*Work task*
Quote exactly and only this range of lines in the data below: the line that holds "([:: 2; 2; 3; 3; 2;" to the line that holds "[&& all znilpotent", both included.

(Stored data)

Definition witnesses : seq (seq nat * (seq zmx * seq zmx)) := [::
  ([:: 1; 3]%N, ([:: [:: [:: 0; 1; 0]; [:: 0; 0; 1]; [:: 0; 0; 0]]; [:: [:: (-1); (-1); (-1)]; [:: 0; 0; 0]; [:: 1; 0; 1]]; [:: [:: (-1); (-1); (-1)]; [:: 0; 0; 0]; [:: 1; 0; 1]]], [:: [:: [:: 0; 1; 0]; [:: 0; 0; 1]; [:: 0; 0; 0]]; [:: [:: (-1); (-1); (-1)]; [:: 0; 0; 0]; [:: 1; 0; 1]]; [:: [:: (-1); 0; (-1)]; [:: 0; 0; 0]; [:: 1; (-1); 1]]]));
  ([:: 1; 2; 3]%N, ([:: [:: [:: 0; 1; 0]; [:: 0; 0; 1]; [:: 0; 0; 0]]; [:: [:: (-1); (-1); (-1)]; [:: 0; 0; 0]; [:: 1; 0; 1]]; [:: [:: 0; (-1); (-1)]; [:: 0; 0; 0]; [:: 0; (-1); 0]]], [:: [:: [:: 0; 1; 0]; [:: 0; 0; 1]; [:: 0; 0; 0]]; [:: [:: (-1); (-1); (-1)]; [:: 0; 0; 0]; [:: 1; 0; 1]]; [:: [:: 0; 0; (-1)]; [:: 0; 0; 0]; [:: 0; (-1); 0]]]));
  ([:: 1; 3; 2]%N, ([:: [:: [:: 0; 1; 0]; [:: 0; 0; 1]; [:: 0; 0; 0]]; [:: [:: (-1); (-1); (-1)]; [:: 1; 1; 0]; [:: 0; 0; 0]]; [:: [:: 0; (-1); (-1)]; [:: 0; 0; 0]; [:: 0; 1; 0]]], [:: [:: [:: 0; 1; 0]; [:: 0; 0; 1]; [:: 0; 0; 0]]; [:: [:: (-1); (-1); (-1)]; [:: 1; 1; 0]; [:: 0; 0; 0]]; [:: [:: 0; 0; (-1)]; [:: 0; (-1); (-1)]; [:: 0; 1; 1]]]));
  ([:: 2; 3]%N, ([:: [:: [:: 0; 1; 0]; [:: 0; 0; 1]; [:: 0; 0; 0]]; [:: [:: (-1); (-1); (-1)]; [:: 1; 1; 0]; [:: 0; 0; 0]]; [:: [:: 0; (-1); 0]; [:: 0; (-1); 1]; [:: 0; (-1); 1]]], [:: [:: [:: 0; 1; 0]; [:: 0; 0; 1]; [:: 0; 0; 0]]; [:: [:: (-1); (-1); (-1)]; [:: 1; 1; 0]; [:: 0; 0; 0]]; [:: [:: 0; 0; (-1)]; [:: 0; (-1); 1]; [:: 0; (-1); 1]]]));
  ([:: 1; 3; 3]%N, ([:: [:: [:: 0; 1; 0]; [:: 0; 0; 1]; [:: 0; 0; 0]]; [:: [:: (-1); (-1); (-1)]; [:: 1; 1; 0]; [:: 0; 0; 0]]; [:: [:: 0; 0; (-1)]; [:: 0; 0; 1]; [:: (-1); (-1); 0]]], [:: [:: [:: 0; 1; 0]; [:: 0; 0; 1]; [:: 0; 0; 0]]; [:: [:: (-1); (-1); (-1)]; [:: 1; 1; 0]; [:: 0; 0; 0]]; [:: [:: 0; 0; 0]; [:: 0; 0; 0]; [:: (-1); (-1); 0]]]));
  ([:: 2; 2; 3]%N, ([:: [:: [:: 0; 1; 0]; [:: 0; 0; 1]; [:: 0; 0; 0]]; [:: [:: (-1); (-1); (-1)]; [:: 1; 1; 0]; [:: 0; 0; 0]]; [:: [:: 0; (-1); (-1)]; [:: 0; 0; 0]; [:: 0; (-1); 0]]], [:: [:: [:: 0; 1; 0]; [:: 0; 0; 1]; [:: 0; 0; 0]]; [:: [:: (-1); (-1); 0]; [:: 1; 1; 0]; [:: 0; 0; 0]]; [:: [:: 0; (-1); (-1)]; [:: 0; 0; 0]; [:: 0; (-1); 0]]]));
  ([:: 1; 1; 3]%N, ([:: [:: [:: 0; 1; 0]; [:: 0; 0; 1]; [:: 0; 0; 0]]; [:: [:: (-1); (-1); (-1)]; [:: 1; 1; 0]; [:: 0; 0; 0]]; [:: [:: 1; 1; (-1)]; [:: (-1); (-1); 0]; [:: 0; 0; 0]]], [:: [:: [:: 0; 1; 0]; [:: 0; 0; 1]; [:: 0; 0; 0]]; [:: [:: (-1); (-1); 0]; [:: 1; 1; 0]; [:: 0; 0; 0]]; [:: [:: 0; 0; 0]; [:: 0; 0; 0]; [:: (-1); (-1); 0]]]));
  ([:: 1; 1; 2; 2; 1; 2]%N, ([:: [:: [:: 0; 1; 0]; [:: 0; 0; 1]; [:: 0; 0; 0]]; [:: [:: (-1); (-1); (-1)]; [:: 0; 0; 0]; [:: 1; 0; 1]]; [:: [:: 0; 0; 0]; [:: 0; 0; 0]; [:: 0; 0; 0]]], [:: [:: [:: 0; 1; 0]; [:: 0; 0; 1]; [:: 0; 0; 0]]; [:: [:: (-1); 0; (-1)]; [:: 0; 0; (-1)]; [:: 1; 0; 1]]; [:: [:: 0; 0; 0]; [:: 0; 0; 0]; [:: 0; 0; 0]]]));
  ([:: 1; 2]%N, ([:: [:: [:: 0; 1; 0]; [:: 0; 0; 1]; [:: 0; 0; 0]]; [:: [:: (-1); (-1); (-1)]; [:: 0; 0; 0]; [:: 1; 0; 1]]; [:: [:: 0; (-1); 0]; [:: 0; 0; (-1)]; [:: 0; 0; 0]]], [:: [:: [:: 0; 1; 0]; [:: 0; 0; 1]; [:: 0; 0; 0]]; [:: [:: (-1); 0; (-1)]; [:: 0; 0; 0]; [:: 1; (-1); 1]]; [:: [:: 0; (-1); (-1)]; [:: 0; 0; (-1)]; [:: 0; 0; 0]]]));
  ([:: 1; 2; 2]%N, ([:: [:: [:: 0; 1; 0]; [:: 0; 0; 1]; [:: 0; 0; 0]]; [:: [:: (-1); 0; (-1)]; [:: 0; 0; (-1)]; [:: 1; 0; 1]]; [:: [:: 0; 0; (-1)]; [:: (-1); 0; (-1)]; [:: 0; 0; 0]]], [:: [:: [:: 0; 1; 0]; [:: 0; 0; 1]; [:: 0; 0; 0]]; [:: [:: (-1); 0; (-1)]; [:: 0; 0; 0]; [:: 1; 0; 1]]; [:: [:: 0; 0; (-1)]; [:: (-1); 0; (-1)]; [:: 0; 0; 0]]]));
  ([:: 1; 1; 2; 1; 3]%N, ([:: [:: [:: 0; 1; 0]; [:: 0; 0; 1]; [:: 0; 0; 0]]; [:: [:: (-1); 0; (-1)]; [:: 0; 0; 0]; [:: 1; 0; 1]]; [:: [:: 0; (-1); 0]; [:: 0; 0; 0]; [:: 0; 1; 0]]], [:: [:: [:: 0; 1; 0]; [:: 0; 0; 1]; [:: 0; 0; 0]]; [:: [:: (-1); 0; (-1)]; [:: 0; 0; 0]; [:: 1; 0; 1]]; [:: [:: 0; 0; 0]; [:: 1; 0; 1]; [:: 0; 0; 0]]]));
  ([:: 1; 1; 2]%N, ([:: [:: [:: 0; 1; 0]; [:: 0; 0; 1]; [:: 0; 0; 0]]; [:: [:: (-1); 0; (-1)]; [:: (-1); 0; 0]; [:: 1; 0; 1]]; [:: [:: 0; 0; 1]; [:: 0; 0; 1]; [:: 0; 0; 0]]], [:: [:: [:: 0; 1; 0]; [:: 0; 0; 1]; [:: 0; 0; 0]]; [:: [:: (-1); 0; 1]; [:: (-1); 0; 0]; [:: (-1); 0; 1]]; [:: [:: 0; 0; (-1)]; [:: 0; 0; (-1)]; [:: 0; 0; 0]]]));
  ([:: 2; 3; 3]%N, ([:: [:: [:: 0; 1; 0]; [:: 0; 0; 1]; [:: 0; 0; 0]]; [:: [:: 0; (-1); 0]; [:: 0; 0; 0]; [:: 0; (-1); 0]]; [:: [:: (-1); (-1); (-1)]; [:: 1; 1; 0]; [:: 0; 0; 0]]], [:: [:: [:: 0; 1; 0]; [:: 0; 0; 1]; [:: 0; 0; 0]]; [:: [:: 0; (-1); 0]; [:: 0; 0; 0]; [:: 0; (-1); 0]]; [:: [:: (-1); (-1); 0]; [:: 1; 1; 0]; [:: 0; 0; 0]]]));
  ([:: 1; 1; 2; 3]%N, ([:: [:: [:: 0; 1; 0]; [:: 0; 0; 1]; [:: 0; 0; 0]]; [:: [:: (-1); 1; (-1)]; [:: (-1); 1; 0]; [:: 0; 0; 0]]; [:: [:: (-1); 1; (-1)]; [:: (-1); 1; 0]; [:: 0; 0; 0]]], [:: [:: [:: 0; 1; 0]; [:: 0; 0; 1]; [:: 0; 0; 0]]; [:: [:: 0; (-1); 0]; [:: 0; 0; 0]; [:: 0; (-1); 0]]; [:: [:: 0; 0; 0]; [:: (-1); 0; 1]; [:: 0; 0; 0]]]));
  ([:: 1; 1; 2; 2]%N, ([:: [:: [:: 0; 1; 0]; [:: 0; 0; 1]; [:: 0; 0; 0]]; [:: [:: (-1); (-1); 0]; [:: 1; 1; 0]; [:: (-1); 0; 0]]; [:: [:: 0; 0; 0]; [:: 0; 0; 0]; [:: 0; 0; 0]]], [:: [:: [:: 0; 1; 0]; [:: 0; 0; 1]; [:: 0; 0; 0]]; [:: [:: 0; 0; (-1)]; [:: 0; 0; (-1)]; [:: (-1); 1; 0]]; [:: [:: 0; 0; 0]; [:: 0; 0; 0]; [:: 0; 0; 0]]]));
  ([:: 1; 1; 3; 2]%N, ([:: [:: [:: 0; 1; 0]; [:: 0; 0; 1]; [:: 0; 0; 0]]; [:: [:: (-1); 1; (-1)]; [:: (-1); 1; 0]; [:: 0; 0; 0]]; [:: [:: 1; (-1); (-1)]; [:: 1; (-1); 0]; [:: 0; 0; 0]]], [:: [:: [:: 0; 1; 0]; [:: 0; 0; 1]; [:: 0; 0; 0]]; [:: [:: 0; 0; 0]; [:: (-1); 0; (-1)]; [:: 0; 0; 0]]; [:: [:: 0; (-1); 0]; [:: 0; 0; 0]; [:: 0; 1; 0]]]));
  ([:: 1; 1; 3; 3; 1; 3]%N, ([:: [:: [:: 0; 1; 0]; [:: 0; 0; 1]; [:: 0; 0; 0]]; [:: [:: 0; 0; 0]; [:: 0; 0; 0]; [:: 0; 0; 0]]; [:: [:: (-1); (-1); (-1)]; [:: 0; 0; 0]; [:: 1; 0; 1]]], [:: [:: [:: 0; 1; 0]; [:: 0; 0; 1]; [:: 0; 0; 0]]; [:: [:: 0; 0; 0]; [:: 0; 0; 0]; [:: 0; 0; 0]]; [:: [:: (-1); 0; (-1)]; [:: 0; 0; (-1)]; [:: 1; 0; 1]]]));
  ([:: 1; 1; 3; 3]%N, ([:: [:: [:: 0; 1; 0]; [:: 0; 0; 1]; [:: 0; 0; 0]]; [:: [:: 0; 0; 0]; [:: 0; 0; 0]; [:: 0; 0; 0]]; [:: [:: (-1); (-1); 0]; [:: 1; 1; 0]; [:: (-1); 0; 0]]], [:: [:: [:: 0; 1; 0]; [:: 0; 0; 1]; [:: 0; 0; 0]]; [:: [:: 0; 0; 0]; [:: 0; 0; 0]; [:: 0; 0; 0]]; [:: [:: 0; 0; (-1)]; [:: 0; 0; (-1)]; [:: (-1); 1; 0]]]));
  ([:: 2; 2; 3; 1]%N, ([:: [:: [:: 0; 1; 0]; [:: 0; 0; 1]; [:: 0; 0; 0]]; [:: [:: (-1); (-1); (-1)]; [:: 1; 1; 0]; [:: 0; 0; 0]]; [:: [:: 0; 1; (-1)]; [:: 0; 0; (-1)]; [:: 0; 0; 0]]], [:: [:: [:: 0; 0; 1]; [:: 0; 0; 0]; [:: 0; 0; 0]]; [:: [:: (-1); (-1); (-1)]; [:: 0; 0; 0]; [:: 1; 0; 1]]; [:: [:: 0; 0; 0]; [:: (-1); 0; (-1)]; [:: 0; 0; 0]]]));
  ([:: 2; 2; 1; 2; 3]%N, ([:: [:: [:: 0; 0; 1]; [:: 0; 0; 0]; [:: 0; 0; 0]]; [:: [:: (-1); (-1); 0]; [:: 1; 1; 0]; [:: (-1); 0; 0]]; [:: [:: 0; (-1); (-1)]; [:: 0; 0; 0]; [:: 0; 0; 0]]], [:: [:: [:: 0; 0; 1]; [:: 0; 0; 0]; [:: 0; 0; 0]]; [:: [:: (-1); (-1); 0]; [:: 1; 1; 0]; [:: (-1); 0; 0]]; [:: [:: 0; 0; 0]; [:: 0; 0; (-1)]; [:: 0; 0; 0]]]));
  ([:: 3; 3; 2; 1]%N, ([:: [:: [:: 0; 1; 0]; [:: 0; 0; 1]; [:: 0; 0; 0]]; [:: [:: 0; (-1); (-1)]; [:: 0; 0; 1]; [:: 0; 0; 0]]; [:: [:: 0; (-1); (-1)]; [:: 0; 0; 0]; [:: 0; (-1); 0]]], [:: [:: [:: 0; 0; 1]; [:: 0; 0; 0]; [:: 0; 0; 0]]; [:: [:: (-1); (-1); 0]; [:: 1; 1; 0]; [:: 0; 0; 0]]; [:: [:: 0; (-1); 0]; [:: 0; 0; 0]; [:: (-1); (-1); 0]]]));
  ([:: 2; 2; 1; 3]%N, ([:: [:: [:: 0; 1; 0]; [:: 0; 0; 1]; [:: 0; 0; 0]]; [:: [:: (-1); (-1); (-1)]; [:: 1; 1; 0]; [:: 0; 0; 0]]; [:: [:: 0; (-1); (-1)]; [:: 0; 0; (-1)]; [:: 0; 0; 0]]], [:: [:: [:: 0; 0; 1]; [:: 0; 0; 0]; [:: 0; 0; 0]]; [:: [:: (-1); 0; (-1)]; [:: 0; 0; (-1)]; [:: 1; 0; 1]]; [:: [:: 0; (-1); 0]; [:: 0; 0; 0]; [:: 0; 1; 0]]]));
  ([:: 3; 3; 1; 2]%N, ([:: [:: [:: 0; 1; 0]; [:: 0; 0; 1]; [:: 0; 0; 0]]; [:: [:: 0; (-1); (-1)]; [:: 0; 0; (-1)]; [:: 0; 0; 0]]; [:: [:: (-1); 1; (-1)]; [:: (-1); 1; 0]; [:: 0; 0; 0]]], [:: [:: [:: 0; 0; 1]; [:: 0; 0; 0]; [:: 0; 0; 0]]; [:: [:: 0; (-1); 0]; [:: 0; 0; 0]; [:: 0; (-1); 0]]; [:: [:: (-1); 0; 1]; [:: 0; 0; (-1)]; [:: (-1); 0; 1]]]));
  ([:: 3; 3; 1; 3; 2]%N, ([:: [:: [:: 0; 0; 1]; [:: 0; 0; 0]; [:: 0; 0; 0]]; [:: [:: 0; (-1); (-1)]; [:: 0; 0; 0]; [:: 0; 0; 0]]; [:: [:: (-1); 0; (-1)]; [:: 0; 0; (-1)]; [:: 1; 0; 1]]], [:: [:: [:: 0; 0; 1]; [:: 0; 0; 0]; [:: 0; 0; 0]]; [:: [:: 0; 0; (-1)]; [:: 0; 0; (-1)]; [:: 0; 0; 0]]; [:: [:: (-1); (-1); (-1)]; [:: 0; 0; 0]; [:: 1; 0; 1]]]));
  ([:: 2; 2; 3; 3]%N, ([:: [:: [:: 0; 0; 0]; [:: 0; 0; 0]; [:: 0; 0; 0]]; [:: [:: (-1); (-1); (-1)]; [:: 0; 0; 0]; [:: 1; 0; 1]]; [:: [:: (-1); (-1); (-1)]; [:: 1; 1; 0]; [:: 0; 0; 0]]], [:: [:: [:: 0; 0; 0]; [:: 0; 0; 0]; [:: 0; 0; 0]]; [:: [:: (-1); (-1); (-1)]; [:: 0; 0; 0]; [:: 1; 0; 1]]; [:: [:: (-1); (-1); 0]; [:: 1; 1; 0]; [:: 1; 0; 0]]]));
  ([:: 2; 2; 3; 3; 2; 3]%N, ([:: [:: [:: 0; 0; 0]; [:: 0; 0; 0]; [:: 0; 0; 0]]; [:: [:: (-1); (-1); (-1)]; [:: 0; 0; 0]; [:: 1; 0; 1]]; [:: [:: (-1); (-1); 0]; [:: 1; 1; 0]; [:: 0; (-1); 0]]], [:: [:: [:: 0; 0; 0]; [:: 0; 0; 0]; [:: 0; 0; 0]]; [:: [:: (-1); (-1); (-1)]; [:: 0; 0; 0]; [:: 1; 0; 1]]; [:: [:: (-1); 0; (-1)]; [:: 0; 0; (-1)]; [:: 1; 0; 1]]]))].

Definition certificate (w : seq nat) (uv : seq zmx * seq zmx) : bool :=
  [&& all znilpotent uv.1, all znilpotent uv.2, ztrw w uv.1 != ztrw w uv.2 &
      all (fun w' => (w' == w) || (ztrw w' uv.1 == ztrw w' uv.2)) P33].

Lemma witnesses_certified :
  all (fun w => has (fun c => (c.1 == w) && certificate w c.2) witnesses) S33.
Proof. by vm_compute. Qed.

Lemma P33_minus_not_separating (F : fieldType) w :
  [pchar F] =i pred0 -> w \in S33 -> ~ separating (P33_minus (trw (F := F) w)).
Proof.
move=> F0 S33w.
have /hasP [[key [u v]] _ /andP [_ cert]] := allP witnesses_certified w S33w.
case/and4P: cert => nil_u nil_v ne_uv /allP agree.
apply: (trset_minus_not_separating (ztriple_to_in_N F nil_u) (ztriple_to_in_N F nil_v)).
  by rewrite !trw_ztriple_to => /(intr_inj_pchar0 F0) /eqP; apply/negP.
move=> w' /agree /orP [-> // | /eqP agree_w' _].
by rewrite !trw_ztriple_to agree_w'.
Qed.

*Reply to the exercise*
  ([:: 2; 2; 3; 3; 2; 3]%N, ([:: [:: [:: 0; 0; 0]; [:: 0; 0; 0]; [:: 0; 0; 0]]; [:: [:: (-1); (-1); (-1)]; [:: 0; 0; 0]; [:: 1; 0; 1]]; [:: [:: (-1); (-1); 0]; [:: 1; 1; 0]; [:: 0; (-1); 0]]], [:: [:: [:: 0; 0; 0]; [:: 0; 0; 0]; [:: 0; 0; 0]]; [:: [:: (-1); (-1); (-1)]; [:: 0; 0; 0]; [:: 1; 0; 1]]; [:: [:: (-1); 0; (-1)]; [:: 0; 0; (-1)]; [:: 1; 0; 1]]]))].

Definition certificate (w : seq nat) (uv : seq zmx * seq zmx) : bool :=
  [&& all znilpotent uv.1, all znilpotent uv.2, ztrw w uv.1 != ztrw w uv.2 &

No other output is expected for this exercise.